I think that when The Hunger Games came out, I wrote a post about how weird it was to hear questions from the media that completely ignored the message of the movie. Most of the questions were about trying to suggest there was an actual love triangle, when let’s face it, any of the romantic sub-plot stuff is minimal at best.
While I applaud the social media angle that they took to promote the movie, by focusing on the Capitol and the fashion… it’s something that fans of the book understand. It doesn’t seem to be something that the rest of the marketing team gets.
With Catching Fire, I’ve seen more couture tie-ins than with the first movie- odd since the focus of the books and movies shifts in this one to revolution and turmoil.
And then you get to all the promo tie ins.
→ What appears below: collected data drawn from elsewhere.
(* Let $G$ be a graph whose $\operatorname{IR}$-graph $H=G(\operatorname{IR})$ is connected. Let $X=\{x_1,\dots,x_r\}$ be an $\operatorname{IR}(G)$-set such that exactly three vertices $x_1,x_2,x_3$ have positive degree in $G[X]$. For $i=1,2,3$ let $x_i'\in\operatorname{EPN}(x_i,X)$, and let $X'=(X-\{x_1,x_2,x_3\})\cup\{x_1',x_2',x_3'\}$. If $d_H(X,X')=3$, then $H$ contains an induced $4$-cycle, or $H$ contains an induced subgraph isomorphic to the double star $S(2,2)$ in which $X$ and $X'$ are leaves at distance $3$ from each other (antipodal leaves).
   Context: All graphs are finite and simple. For $G=(V,E)$, $D\subseteq V$, $v\in D$: $\operatorname{PN}(v,D)=N[v]-N[D-\{v\}]$ and $\operatorname{EPN}(v,D)=\operatorname{PN}(v,D)-D$. $D$ is irredundant if $\operatorname{PN}(v,D)\neq\varnothing$ for all $v\in D$; $\operatorname{IR}(G)$ is the maximum size of an irredundant set; an $\operatorname{IR}(G)$-set is an irredundant set of that size. $G(\operatorname{IR})$ has the $\operatorname{IR}(G)$-sets as vertices, with $D\sim D'$ iff there exist $u\in D$, $v\in D'$ with $uv\in E(G)$ and $D'=(D-\{u\})\cup\{v\}$. $d_H$ is distance in $H$. The double star $S(2,2)$ is the tree obtained by joining the centres of two copies of $K_{1,2}$ by an edge (6 vertices, diameter 3). *)

(* A simple graph G is a symmetric irreflexive relation e on a finType T. *)
From mathcomp Require Import all_boot.
Set Implicit Arguments. Unset Strict Implicit. Unset Printing Implicit Defensive.
Lemma D_cos_neg_near_pi : exists delta, 0 < delta /\
  forall be, PI - delta < be < PI -> al < be -> D (cos be) < 0.
Proof.
  assert (HP := PI2_1). assert (Hneg := D_neg_at_minus_one).
  destruct (continuity_pt_delta _ PI (- D (-1)) (D_cos_continuous PI ltac:(lra))
              ltac:(lra)) as [d [Hd Hnear]].
  exists d. split; auto. intros be Hb Hal_be.
  assert (Hc : Rabs (D (cos be) - D (cos PI)) < - D (-1))
    by (apply Hnear; rewrite Rabs_left; lra).
  rewrite cos_PI in Hc. apply Rabs_def2 in Hc. lra.
Qed.

(* D o cos vanishes at exactly one point of (al, PI): it is continuous and
   strictly decreasing, positive near al and negative near PI. *)
Lemma D_cos_unique_root : exists bp, al < bp < PI /\ D (cos bp) = 0 /\
  forall be, al < be < PI -> D (cos be) = 0 -> be = bp.
Proof.
  assert (HP := PI2_1).
  destruct D_cos_pos_near_alpha as [d1 [Hd1 Hpos]].
  destruct D_cos_neg_near_pi as [d2 [Hd2 Hneg]].
  set (x := al + Rmin d1 ((PI - al) / 2) / 2).
  set (y := PI - Rmin d2 ((PI - al) / 2) / 2).
  assert (Hx1 := Rmin_l d1 ((PI - al) / 2)). assert (Hx2 := Rmin_r d1 ((PI - al) / 2)).
  assert (Hy1 := Rmin_l d2 ((PI - al) / 2)). assert (Hy2 := Rmin_r d2 ((PI - al) / 2)).
  assert (Hx3 : 0 < Rmin d1 ((PI - al) / 2)) by (apply Rmin_glb_lt; lra).
  assert (Hy3 : 0 < Rmin d2 ((PI - al) / 2)) by (apply Rmin_glb_lt; lra).
  assert (Hxy : al < x < y /\ y < PI) by (unfold x, y; lra).
  destruct (IVT_interv (fun be => - D (cos be)) x y) as [z [Hz Hroot]].
  - intros be Hbe. apply continuity_pt_opp, D_cos_continuous; lra.
  - lra.
  - assert (0 < D (cos x)) by (apply Hpos; unfold x; lra). lra.
  - assert (D (cos y) < 0) by (apply Hneg; unfold y; lra). lra.
  - exists z. split; [lra | split; [lra|]].
    intros be Hbe Hzero.
    destruct (total_order_T be z) as [[Hlt|Heq]|Hgt]; auto.
    + assert (D (cos z) < D (cos be)) by (apply D_cos_decreasing; lra). lra.
    + assert (D (cos be) < D (cos z)) by (apply D_cos_decreasing; lra). lra.
Qed.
I’ve seen it promoted on ESPN, which makes sense on the surface, but considering you’re talking about games in which kids die, seems pretty tacky.
Then there’s a Subway spot for their new “bold” flavored stuff which talked about bold being things like standing up for your beliefs (showing the man in District 11 doing the salute to Peeta and Katniss) or testing your limits and defying all odds (showing Katniss before the games start) and then immediately talks about how their sandwich revolutionizes bold flavor. REVOLUTIONIZES. It isn’t a clever play on words, it’s diminishing the message of the movies and books by equating it with Sriracha on a sandwich.
I don’t often get upset about tie-ins. I really don’t. I could care less about McDonald’s promoting a kids’ movie. But this? The entire book series is about a society where the wealthy commercialize everything at the cost of lives of the many. Where children are sacrificed to keep the masses docile, and disguised as entertainment for the wealthy.
The Capitol Couture blog is clever, because it’s from the POV of the Capitol – it’s information about the movie wrapped in propaganda. But actual tie ins with luxury brands? I really don’t see how that’s in the spirit of the books or the movies. I’d actually rather see THG promoting charities aimed at stopping hunger, promoting literacy and social advocacy. Because it isn’t a love story. It isn’t about anyone transforming themselves into anything else, or what they’re wearing. It’s about exposing a flawed socioeconomic system, using Bread and Circuses (which is where Panem gets its name).
All I know is that I have no idea what anyone in Lionsgate’s marketing department is going to do when they get to Mockingjay. Because it is a bleak story that you cannot possibly put a candy-coated spin on. Bleak. Bleak. Bleak. But they will and I’m sure I’ll complain about it.
Oh well. Time to stop hulking out for the moment, and get back to preparing for Thanksgiving.